Friday 1 July 2022

From the archive: "The Salt of the Earth"


For nigh-on forty years, the Brazilian photographer Sebastiao Salgado has been roaming the globe, travelling from the jungles of Papua New Guinea to the wilds of Siberia via the deserts of Africa in order to bring back images that might illustrate other cultures, other lives. Given the territory Salgado has so far covered, it’s scant surprise his trajectory should eventually have aligned with that of Teutonic culture vulture Wim Wenders, keen proponent of the restless life. In
The Salt of the Earth, Wenders’ thoroughgoing profile of Salgado, these two fellow travellers finally train their cameras upon one another.

Wenders has found a grabby way into this oeuvre: Salgado’s reputation-making studies of latter-day Brazilian goldmines, so complex in their directionality, their apparently infinite flow of bodies, that they can’t fail to catch, hold and dazzle the casual observer’s eye. It’s a hell of a slideshow – some resembling Etcher etchings, the more infernal approaching Breughel’s canvasses – and remounting each photograph on the cinema screen, that ultimate lightbox, only points up dimensions that might have gone hidden or overlooked in a gallery context.

Time and again here, a notionally 2D image opens up to reveal a way of life, a philosophy, a vision. We’re offered a major insight into Salgado’s MO during an Arctic excursion (captured by his son Juliano, on what must have been a fairly extreme dads-and-lads outing), where the photographer repeatedly resists the temptation to snap a polar bear as “there’s nothing in the background, no action”. This eye, you sense, is searching for the ways in which its subjects interact with the landscape, or one another; the form of narrative photography this process yields proves ideal for sustained cinematic study.

A lesser documentarist might well have coasted on these endlessly striking, provocative images. Any lingering traces of compassion fatigue in the viewer will be scrubbed away by successive sets showing dead babies in 1970s Brazil (where infant mortality is through the roof), famine-stricken bodies in mid-80s Ethiopia (the crisis inherent in each image somehow going far beyond the usual Live Aid reportage), and the carnage in Rwanda as the civil war took hold in the 1990s; here, at least, Wenders knows he need do no more than show the pictures and allow the viewer to weigh their power for themselves.

In the linking segments, though, Wenders comes up with images all his own. Inscribing faces and forms in ravishing, high-definition, high-contrast black-and-white, he takes a particular care to situate Salgado within the landscape he’s most often found within, be that the darkroom or his self-created Instituto Terra, a complete ecosystem the photographer has cultivated back in his homeland as a site of renewal, and a counterbalance to all the destruction his lens has recorded over the decades.

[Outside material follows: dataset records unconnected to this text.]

(* Let $f(x,y)=\sum_{i,j=-\infty}^{\infty}\lambda(i,j)x^iy^j$ be a nonzero bilateral formal series with complex coefficients. Then $f$ is self-orthogonal (i.e. $f\perp f$) if and only if there exist integers $m_0,k_0$ and complex sequences $\{p_i\}_{i\in\mathbb{Z}}$, $\{q_i\}_{i\in\mathbb{Z}}$ with $p_{m_0}=0$, $q_{k_0}=0$ and $p_{k_0}=-q_{m_0}\neq 0$, such that $$f(x,y)=P(x)Q(y)-P(y)Q(x),$$ where $P(x)=\sum_{i=-\infty}^{\infty}p_ix^i$ and $Q(x)=\frac{1}{q_{m_0}}\sum_{i=-\infty}^{\infty}q_ix^i$.
   Context: A bilateral formal series in $x,y$ is a formal expression $\sum_{i,j\in\mathbb{Z}}\lambda(i,j)x^iy^j$ with complex coefficients (no convergence required). For two such series $f,g$, the expression $g(u,v)f(z,w)-g(u,w)f(z,v)+g(v,w)f(z,u)$ is a well-defined formal series in four independent variables $u,v,w,z$ (each product involves series in disjoint sets of variables). One writes $f\perp g$ (''$f$ is orthogonal to $g$'') if this expression is identically zero, and calls $f$ self-orthogonal if $f\perp f$. *)

From HB Require Import structures.
From mathcomp Require Import all_boot all_order all_algebra.
From mathcomp Require Import complex.
From mathcomp Require Import Rstruct.
Set Implicit Arguments. Unset Strict Implicit. Unset Printing Implicit Defensive.
Import Order.TTheory GRing.Theory Num.Theory.
Local Open Scope ring_scope.

Definition Cplx : fieldType := (complex Rdefinitions.R : fieldType).

(* A bilateral formal series sum_{i,j in Z} lambda(i,j) x^i y^j,
   represented by its coefficient function lambda. *)
Definition bseries := int -> int -> Cplx.

(* f ⊥ g : the 4-variable formal series
     g(u,v)f(z,w) - g(u,w)f(z,v) + g(v,w)f(z,u)
   vanishes identically.  Its coefficient of u^a v^b w^c z^d is
     g(a,b) f(d,c) - g(a,c) f(d,b) + g(b,c) f(d,a). *)
Definition orth (f g : bseries) : Prop :=
  forall a b c d : int, g a b * f d c - g a c * f d b + g b c * f d a = 0.

Definition self_orth (f : bseries) : Prop := orth f f.

Definition bseries_nonzero (f : bseries) : Prop := exists i j, f i j != 0.

From HB Require Import structures.
From mathcomp Require Import all_boot all_order all_algebra.
From mathcomp Require Import complex.
From mathcomp Require Import ring.
Import GRing.Theory.
Local Open Scope ring_scope.

(* Specialising the orthogonality identity at repeated indices shows that a
   nonzero self-orthogonal f vanishes on the diagonal and is antisymmetric.
   The identity at (i, j, m, k) then becomes a three-term Plücker relation
   which, for any pair with f(m, k) <> 0, writes f(i, j) through the two
   columns P = f(., m) and Q = f(., k).  Conversely, every "minor"
   p_i q_j - p_j q_i satisfies the identity by a polynomial computation. *)

Section SelfOrthogonal.

Context {R : idomainType} {I : Type} {f : I -> I -> R}.

Hypothesis f_self_orth :
  forall a b c d, f a b * f d c - f a c * f d b + f b c * f d a = 0.

Hypothesis f_neq0 : exists i j, f i j != 0.

Lemma self_orth_diag b : f b b = 0.
Proof.
have [d [a fda_neq0]] := f_neq0; have := f_self_orth a b b d.
rewrite subrr add0r => /eqP; rewrite mulf_eq0 (negbTE fda_neq0) orbF.
by move/eqP.
Qed.

Lemma self_orth_antisym a b : f b a = - f a b.
Proof.
have := f_self_orth a b a b; have := f_self_orth b a b a.
rewrite !self_orth_diag !mul0r !subr0 => eq_ba eq_ab.
have sq0 : (f a b + f b a) ^+ 2 = 0.
  by rewrite -[RHS](addr0 0) -{1}eq_ab -eq_ba; ring.
by apply/eqP; rewrite -subr_eq0 opprK addrC -sqrf_eq0 sq0.
Qed.

Lemma self_orth_plucker i j m k :
  f i j * f m k = f i m * f j k - f j m * f i k.
Proof.
have := f_self_orth i j m k.
rewrite (self_orth_antisym m k) (self_orth_antisym j k) (self_orth_antisym i k).
move=> eq0.
by apply/eqP; rewrite -subr_eq0 -oppr_eq0 -eq0; apply/eqP; ring.
Qed.

End SelfOrthogonal.

Lemma wedge_self_orth {R : comPzRingType} {I : Type} (p q : I -> R) a b c d :
  let f i j := p i * q j - p j * q i in
  f a b * f d c - f a c * f d b + f b c * f d a = 0.
Proof. by rewrite /=; ring. Qed.

Theorem theorem2p1 (f : bseries) :
  bseries_nonzero f ->
  (self_orth f <->
   exists (m0 k0 : int) (p q : int -> Cplx),
     [/\ p m0 = 0, q k0 = 0, p k0 = - q m0, p k0 != 0 &
       forall i j : int, f i j = p i * (q j / q m0) - p j * (q i / q m0)]).
Proof.
move=> f_neq0; split=> [f_orth | [m0 [k0 [p [q [_ _ _ _ f_wedge]]]]]].
- have [k [m fkm_neq0]] := f_neq0.
  have anti := self_orth_antisym f_orth f_neq0.
  have fmk_neq0 : f m k != 0 by rewrite anti oppr_eq0.
  have diag0 := self_orth_diag f_orth f_neq0.
  exists m, k, (fun i => f i m), (fun i => f i k).
  split=> //= i j; apply: (mulIf fmk_neq0).
  by rewrite self_orth_plucker // mulrBl -!mulrA !mulVf ?mulr1.
- move=> a b c d; rewrite !f_wedge.
  (* [exact: wedge_self_orth ...] elaborates the lemma against the goal and
     gets lost unfolding the ring structure of [Cplx]; checking the
     instantiated statement by conversion is immediate. *)
  have := wedge_self_orth p (fun i => q i / q m0) a b c d; exact.
Qed.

In other words, Wenders frames Salgado as assuredly and as meticulously as Salgado has forever framed his own subjects: seeking out the drama and struggle in the photographer’s life and highlighting the humanity in the gaze – that element of conscience that insists everything within the frame, whether human, animal or mineral, merits preservation for posterity and closer study. The result isn’t just a valuable, gorgeously illustrated chronicle of an extraordinary career; it’s also a quest to find better, sharper, more perceptive ways of looking at the world – and, indeed, at one another.

(MovieMail, July 2015)

The Salt of the Earth is reissued to cinemas today as part of Curzon's Wim Wenders retrospective, and available to rent via Curzon Home Cinema, Prime Video, Google Play, YouTube and Apple TV+.